Below are entries. Pull out all lines containing "realFieldType".

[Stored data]
= Beginning of Section =
(* Let $b<-1$ and let $\lambda_1>0$ be a constant such that $(\mathcal{L}\eta,\eta)\ge\lambda_1\|\eta\|^2_{H^1_\alpha}$ for all $\eta\in H^1_\alpha$ with $\int\eta Q'\,dx=\int\eta\,SQ\,dx=0$. Then there exists $\theta>0$ such that every $\eta\in H^1_\alpha$ satisfying $$\Big|\Big(\eta,\frac{SQ}{\|SQ\|_{L^2}}\Big)\Big|+\Big|\Big(\eta,\frac{Q'}{\|Q'\|_{L^2}}\Big)\Big|\le\theta\|\eta\|_{H^1_\alpha}$$ obeys $(\mathcal{L}\eta,\eta)\ge\frac{3\lambda_1}{4}\|\eta\|^2_{H^1_\alpha}$.
   Context: Throughout, $b<-1$, $\nu=-\frac{b+1}{2}>0$. Fix $A>0$, $x_*\in\mathbb{R}$; the lefton is $Q(x)=A\frac{1-b}{2}(\cosh\nu(x-x_* ))^{b/\nu}$. Set $k=(A\frac{1-b}{2})^{\frac1b+1}$, $\alpha=Q^{-\frac1b-2}$. $H^1_\alpha$ is $H^1(\mathbb{R})$ with norm $\|f\|^2_{H^1_\alpha}=\int(f^2+f_x^2)\alpha\,dx$. $(f,g)=\int fg\,dx$ is the $L^2$ inner product. $SQ=\frac{2k(1-b)}{b}Q^{-\frac1b}+\frac{2(b-1)}{b}Q$. $(\mathcal{L}\eta,\eta)=\frac{2k}{b^2}\int\eta_x^2\alpha\,dx-\frac{2k(b+1)}{b}\int\eta^2\alpha\,dx$. *)

From HB Require Import structures.
From mathcomp Require Import all_boot all_order all_algebra.
From mathcomp Require Import all_classical all_reals all_analysis.
Set Implicit Arguments. Unset Strict Implicit. Unset Printing Implicit Defensive.
Import Order.TTheory GRing.Theory Num.Theory.
Import numFieldNormedType.Exports.
Local Open Scope classical_set_scope.
Local Open Scope ring_scope.

Section Defs.
Variable R : realType.


Definition coshR (x : R) : R := (expR x + expR (- x)) / 2.

Definition nu (b : R) : R := - (b + 1) / 2.

Definition Q (b A xs : R) (x : R) : R :=
  A * (1 - b) / 2 * powR (coshR (nu b * (x - xs))) (b / nu b).

Definition dQ (b A xs : R) : R -> R := derive1 (Q b A xs).

Definition kk (b A : R) : R := powR (A * (1 - b) / 2) (b^-1 + 1).

Definition alpha (b A xs : R) (x : R) : R :=
  powR (Q b A xs x) (- b^-1 - 2).

Definition SQ (b A xs : R) (x : R) : R :=
  2 * kk b A * (1 - b) / b * powR (Q b A xs x) (- b^-1)
  + 2 * (b - 1) / b * Q b A xs x.

Definition ip (f g : R -> R) : R := \int[@lebesgue_measure R]_x (f x * g x).

Definition L2norm (f : R -> R) : R := Num.sqrt (\int[@lebesgue_measure R]_x (f x ^+ 2)).

(* eta belongs to H^1_alpha, with (weak) derivative g:
   eta, g in L^2, g locally integrable and eta(y) - eta(x) = int_x^y g
   (absolutely continuous representative), and the weighted norm is finite. *)
Definition H1alpha (b A xs : R) (eta g : R -> R) : Prop :=
  [/\ measurable_fun setT eta /\ measurable_fun setT g,
      (@lebesgue_measure R).-integrable setT (EFin \o (fun x => eta x ^+ 2)),
      (@lebesgue_measure R).-integrable setT (EFin \o (fun x => g x ^+ 2)) /\
      (forall x y : R, x <= y ->
         (@lebesgue_measure R).-integrable `[x, y] (EFin \o g) /\
         eta y - eta x = \int[@lebesgue_measure R]_(t in `[x, y]) g t),
      (@lebesgue_measure R).-integrable setT (EFin \o (fun x => eta x ^+ 2 * alpha b A xs x))
    & (@lebesgue_measure R).-integrable setT (EFin \o (fun x => g x ^+ 2 * alpha b A xs x))].

Definition H1a_sqnorm (b A xs : R) (eta g : R -> R) : R :=
  \int[@lebesgue_measure R]_x ((eta x ^+ 2 + g x ^+ 2) * alpha b A xs x).

Definition H1a_norm (b A xs : R) (eta g : R -> R) : R :=
  Num.sqrt (H1a_sqnorm b A xs eta g).

Definition Lform (b A xs : R) (eta g : R -> R) : R :=
  2 * kk b A / b ^+ 2 * \int[@lebesgue_measure R]_x (g x ^+ 2 * alpha b A xs x)
  - 2 * kk b A * (b + 1) / b * \int[@lebesgue_measure R]_x (eta x ^+ 2 * alpha b A xs x).

End Defs.

From HB Require Import structures.
From mathcomp Require Import all_boot all_order all_algebra.
From mathcomp Require Import all_classical all_reals all_analysis.
From mathcomp Require Import measurable_realfun exponential_distribution ring lra.
Set Implicit Arguments. Unset Strict Implicit. Unset Printing Implicit Defensive.
Import Order.TTheory GRing.Theory Num.Theory.
Import numFieldNormedType.Exports.
Local Open Scope classical_set_scope.
Local Open Scope ring_scope.

(* The form is coercive, with constant lambda1, on the codimension-two subspace
   where (eta, Q') = (eta, SQ) = 0.  Linear algebra in the plane provides two
   fixed elements w1, w2 of H^1_alpha and a constant K such that every eta has a
   correction u = a w1 + c w2 with the same two inner products and
   a^2 + c^2 <= K ((eta, SQ)^2 + (eta, Q')^2); thus v = eta - u lies in the
   subspace, while the hypothesis gives ||u||^2 <= C theta^2 ||eta||^2.
   Expanding the weighted square integrals of eta = v + u and of its derivative
   with Young's inequality of small parameter d, passing from v to eta costs at
   most lambda1/8 ||eta||^2 + O(1/d) ||u||^2, which is below
   lambda1/4 ||eta||^2 once theta is small.  The inner products are linear in
   eta because SQ and Q' are square integrable: Q decays like exp(b |x - x_*|). *)

Local Notation mu := (@lebesgue_measure _).
Local Notation integrableT f := (mu.-integrable setT (EFin \o f)).

Lemma sqrD_le (R : realDomainType) (u v : R) : (u + v) ^+ 2 <= 2 * u ^+ 2 + 2 * v ^+ 2.
Proof. by rewrite -subr_ge0 (_ : _ - _ = (u - v) ^+ 2) ?sqr_ge0 //; ring. Qed.

Lemma norm_mul_le_sqr (R : realFieldType) (t s u : R) : 0 < t ->
  `|s * u| <= t / 2 * s ^+ 2 + (2 * t)^-1 * u ^+ 2.
Proof.
move=> t0; rewrite -subr_ge0 normrM -[s ^+ 2]real_normK ?num_real // -[u ^+ 2]real_normK ?num_real //.
rewrite (_ : _ - _ = (t * `|s| - `|u|) ^+ 2 / (2 * t)); last by field; rewrite gt_eqF.
by rewrite divr_ge0 ?sqr_ge0 // mulr_ge0 // ltW.
Qed.

Lemma sqrD_le_eps (R : realFieldType) (d s t : R) : 0 < d ->
  (s + t) ^+ 2 <= (1 + d) * s ^+ 2 + (1 + d^-1) * t ^+ 2.
Proof.
move=> d0; have := norm_mul_le_sqr s t d0; rewrite invfM.
have := ler_norm (s * t); lra.
Qed.

Lemma sqrD_ge_eps (R : realFieldType) (d s t : R) : 0 < d ->
  (1 - d) * s ^+ 2 - d^-1 * t ^+ 2 <= (s + t) ^+ 2.
Proof.
move=> d0; have := norm_mul_le_sqr s t d0; rewrite invfM.
have := sqr_ge0 t; have := ler_norm (- (s * t)); rewrite normrN; lra.
Qed.

Lemma le0_of_le_mul_gt0 (R : realFieldType) (x E : R) : 0 <= E ->
  (forall t, 0 < t -> x <= t * E) -> x <= 0.
Proof.
move=> E0 h; apply/ler_addgt0Pr => r r0; rewrite add0r.
apply: le_trans (h (r / (E + 1)) _) _; first by rewrite divr_gt0 //; lra.
by rewrite mulrAC ler_pdivrMr; [nra | lra].
Qed.

Lemma exists_small_sqr (R : realFieldType) (Z e : R) : 0 <= Z -> 0 < e ->
  exists2 t, 0 < t & Z * t ^+ 2 <= e.
Proof.
move=> Z0 e0; have Ze : 0 < Z + e by lra.
have t0 : 0 < e / (Z + e) by rewrite divr_gt0.
have t1 : e / (Z + e) <= 1 by rewrite ler_pdivrMr // mul1r; lra.
exists (e / (Z + e)) => //; apply: (@le_trans _ _ (Z * (e / (Z + e)))).
  by rewrite expr2 mulrA; have := mulr_ge0 Z0 (ltW t0); nra.
by rewrite mulrA ler_pdivrMr // mulrC ler_pM2l //; lra.
Qed.

(* P, D: the weighted square integrals of eta = v + u and of its derivative;
   Pv, Dv and Pu, Du: the same for v and for u. *)
Lemma perturbed_coercivity (R : realFieldType) (c1 c2 l d P D Pv Dv Pu Du : R) :
  0 <= c1 -> 0 <= c2 -> 0 < l -> 0 < d -> d * (l + c2) <= l / 32 ->
  0 <= Pv -> 0 <= Dv -> 0 <= Pu -> 0 <= Du -> 0 <= P + D ->
  (1 - d) * Dv - d^-1 * Du <= D ->
  P <= (1 + d) * Pv + (1 + d^-1) * Pu ->
  (1 - d) * (P + D) - d^-1 * (Pu + Du) <= Pv + Dv ->
  l * (Pv + Dv) <= c1 * Dv - c2 * Pv ->
  (c1 + 2 * c2 + l) / d * (Pu + Du) <= l / 8 * (P + D) ->
  3 * l / 4 * (P + D) <= c1 * D - c2 * P.
Proof.
move=> c10 c20 l0 d0 dsmall Pv0 Dv0 Pu0 Du0 N0 hD hP hN hcoer hsmall.
have d1 : d <= 1 / 32.
  have := mulr_ge0 (ltW d0) c20; nra.
have id1 : 1 <= d^-1 by rewrite invf_ge1 //; lra.
have hperturb : (1 - d) * (c1 * Dv - c2 * Pv) - 2 * d * c2 * Pv
    - (c1 + 2 * c2) / d * (Pu + Du) <= c1 * D - c2 * P.
  have := ler_wpM2l c10 hD; have := ler_wpM2l c20 hP.
  have : 0 <= c2 * ((d^-1 - 1) * Pu) by rewrite !mulr_ge0 // subr_ge0.
  have : 0 <= c1 * d^-1 * Pu by rewrite !mulr_ge0 // invr_ge0 ltW.
  have : 0 <= c2 * d^-1 * Du by rewrite !mulr_ge0 // invr_ge0 ltW.
  lra.
have hv : 15 * l / 16 * (Pv + Dv)
    <= (1 - d) * (c1 * Dv - c2 * Pv) - 2 * d * c2 * Pv.
  have := mulr_ge0 (mulr_ge0 (ltW d0) c20) Dv0.
  have := ler_wpM2r (addr_ge0 Pv0 Dv0) dsmall.
  have d1' : 0 <= 1 - d by lra.
  have := ler_wpM2l d1' hcoer.
  have := mulr_ge0 (mulr_ge0 (ltW d0) c20) Pv0.
  nra.
have := ler_wpM2l (mulr_ge0 (ltW l0) (ltW d0)) N0.
have : 0 <= l / 16 * d^-1 * (Pu + Du) by rewrite !mulr_ge0 ?addr_ge0 // ?invr_ge0 ltW.
have := ler_wpM2l (mulr_ge0 (ltW l0) N0) d1.
have := ler_wpM2l (ltW l0) hN.
lra.
Qed.

Section planar_span.
Variable R : realFieldType.

Lemma sqr_dot2_le (p q r s : R) :
  (p * q + r * s) ^+ 2 <= (p ^+ 2 + r ^+ 2) * (q ^+ 2 + s ^+ 2).
Proof. by rewrite -subr_ge0 (_ : _ - _ = (p * s - r * q) ^+ 2) ?sqr_ge0 //; ring. Qed.

Lemma span_independent2 (u1 v1 u2 v2 s t : R) : u1 * v2 - v1 * u2 != 0 ->
  exists a c, [/\ s = a * u1 + c * u2, t = a * v1 + c * v2 &
    a ^+ 2 + c ^+ 2 <= (u1 ^+ 2 + v1 ^+ 2 + u2 ^+ 2 + v2 ^+ 2) / (u1 * v2 - v1 * u2) ^+ 2
                       * (s ^+ 2 + t ^+ 2)].
Proof.
set det := _ - _ => det0; have det2 : 0 < det ^+ 2 by rewrite exprn_even_gt0.
exists ((s * v2 + t * - u2) / det), ((u1 * t + v1 * - s) / det).
split; [by rewrite /det; field | by rewrite /det; field |].
rewrite !expr_div_n -mulrDl mulrAC ler_pM2r ?invr_gt0 //.
have := sqr_dot2_le s v2 t (- u2); have := sqr_dot2_le u1 t v1 (- s).
rewrite !sqrrN; lra.
Qed.

Lemma span_collinear (u v s t : R) : u ^+ 2 + v ^+ 2 != 0 -> u * t = v * s ->
  exists a, [/\ s = a * u, t = a * v & a ^+ 2 <= (u ^+ 2 + v ^+ 2)^-1 * (s ^+ 2 + t ^+ 2)].
Proof.
set n := _ + _ => n0 hc; have n_gt0 : 0 < n by rewrite lt_def n0 addr_ge0 ?sqr_ge0.
have hc0 : u * t - v * s = 0 by rewrite hc subrr.
exists ((s * u + t * v) / n); split; last first.
  rewrite expr_div_n ler_pdivrMr ?exprn_gt0 // mulrAC [n ^+ 2]expr2 mulrA mulVf // mul1r.
  by rewrite [n * _]mulrC; exact: sqr_dot2_le.
all: apply: (mulIf n0); rewrite mulrAC divfK //; apply/eqP; rewrite -subr_eq0 /n.
- by rewrite (_ : _ - _ = u * (u * t - v * s)); [rewrite hc0 mulr0 | ring].
- by rewrite (_ : _ - _ = - v * (u * t - v * s)); [rewrite hc0 mulr0 | ring].
Qed.

Lemma planar_span_bounded (X : Type) (H : X -> Prop) (f g : X -> R) :
  (exists x, H x) -> exists x1 x2 K, [/\ H x1, H x2, 0 <= K &
    forall y, H y -> exists a c, [/\ f y = a * f x1 + c * f x2,
      g y = a * g x1 + c * g x2 & a ^+ 2 + c ^+ 2 <= K * (f y ^+ 2 + g y ^+ 2)]].
Proof.
move=> [x0 Hx0].
have [[x1 [x2 [H1 H2 det0]]] | indep] :=
  pselect (exists x1 x2, [/\ H x1, H x2 & f x1 * g x2 - g x1 * f x2 != 0]).
  exists x1, x2, ((f x1 ^+ 2 + g x1 ^+ 2 + f x2 ^+ 2 + g x2 ^+ 2) / (f x1 * g x2 - g x1 * f x2) ^+ 2).
  split=> //; first by rewrite divr_ge0 ?sqr_ge0 // !addr_ge0 ?sqr_ge0.
  by move=> y _; apply: span_independent2.
have coll x y : H x -> H y -> f x * g y = g x * f y.
  move=> Hx Hy; apply/eqP; rewrite -subr_eq0; apply/negPn/negP => det0.
  by apply: indep; exists x, y.
have [[x1 [H1 n0]] | zero] := pselect (exists x1, H x1 /\ f x1 ^+ 2 + g x1 ^+ 2 != 0).
  exists x1, x1, (f x1 ^+ 2 + g x1 ^+ 2)^-1; split=> //; first by rewrite invr_ge0 addr_ge0 ?sqr_ge0.
  move=> y Hy; have [a [ea1 ea2 ha]] := span_collinear n0 (coll _ _ H1 Hy).
  by exists a, 0; rewrite !mul0r !addr0 expr0n addr0.
exists x0, x0, 0; split=> // y Hy; exists 0, 0; rewrite !mul0r !addr0 expr0n /= addr0.
have n0 : f y ^+ 2 + g y ^+ 2 = 0.
  by apply/eqP; apply/negPn/negP => n0; apply: zero; exists y.
have := sqr_ge0 (f y); have := sqr_ge0 (g y).
by split => //; apply/eqP; rewrite -sqrf_eq0; apply/eqP; lra.
Qed.

End planar_span.

(** * The lefton *)

Definition sinhR (R : realType) (x : R) : R := (expR x - expR (- x)) / 2.

Lemma coshR_gt0 (R : realType) (x : R) : 0 < coshR x.
Proof. by rewrite /coshR divr_gt0 // addr_gt0 // expR_gt0. Qed.

Lemma half_expR_norm_le_coshR (R : realType) (x : R) : expR `|x| / 2 <= coshR x.
Proof.
rewrite /coshR; have := expR_ge0 x; have := expR_ge0 (- x).
by have [x0|x0] := leP 0 x; [rewrite ger0_norm | rewrite ltr0_norm]; lra.
Qed.

Lemma norm_sinhR_le_coshR (R : realType) (x : R) : `|sinhR x| <= coshR x.
Proof.
rewrite /sinhR /coshR ler_norml; have := expR_ge0 x; have := expR_ge0 (- x).
by move=> *; apply/andP; split; lra.
Qed.

Lemma is_derive_coshR (R : realType) (x : R) : is_derive x 1 (@coshR R) (sinhR x).
Proof.
have hN : is_derive x 1 (expR \o -%R) (expR (- x) * -1) by exact: is_derive1_comp.
have := is_deriveZ (2^-1) (is_deriveD (is_derive_expR x) hN).
have -> : 2^-1 \*: (expR + (expR \o -%R)) = @coshR R.
  by apply/funext => t; rewrite /coshR /= mulrC.
by rewrite /sinhR mulrN1 mulrC.
Qed.

Lemma measurable_coshR (R : realType) : measurable_fun setT (@coshR R).
Proof.
apply: measurable_funM => //; apply: measurable_funD; first exact: measurable_expR.
by apply: measurableT_comp; [exact: measurable_expR | exact: measurable_funN].
Qed.

Lemma measurable_sinhR (R : realType) : measurable_fun setT (@sinhR R).
Proof.
apply: measurable_funM => //; apply: measurable_funB; first exact: measurable_expR.
by apply: measurableT_comp; [exact: measurable_expR | exact: measurable_funN].
Qed.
= End of Section =
Written answer
Lemma norm_mul_le_sqr (R : realFieldType) (t s u : R) : 0 < t ->
Lemma sqrD_le_eps (R : realFieldType) (d s t : R) : 0 < d ->
Lemma sqrD_ge_eps (R : realFieldType) (d s t : R) : 0 < d ->
Lemma le0_of_le_mul_gt0 (R : realFieldType) (x E : R) : 0 <= E ->
Lemma exists_small_sqr (R : realFieldType) (Z e : R) : 0 <= Z -> 0 < e ->
Lemma perturbed_coercivity (R : realFieldType) (c1 c2 l d P D Pv Dv Pu Du : R) :
Variable R : realFieldType.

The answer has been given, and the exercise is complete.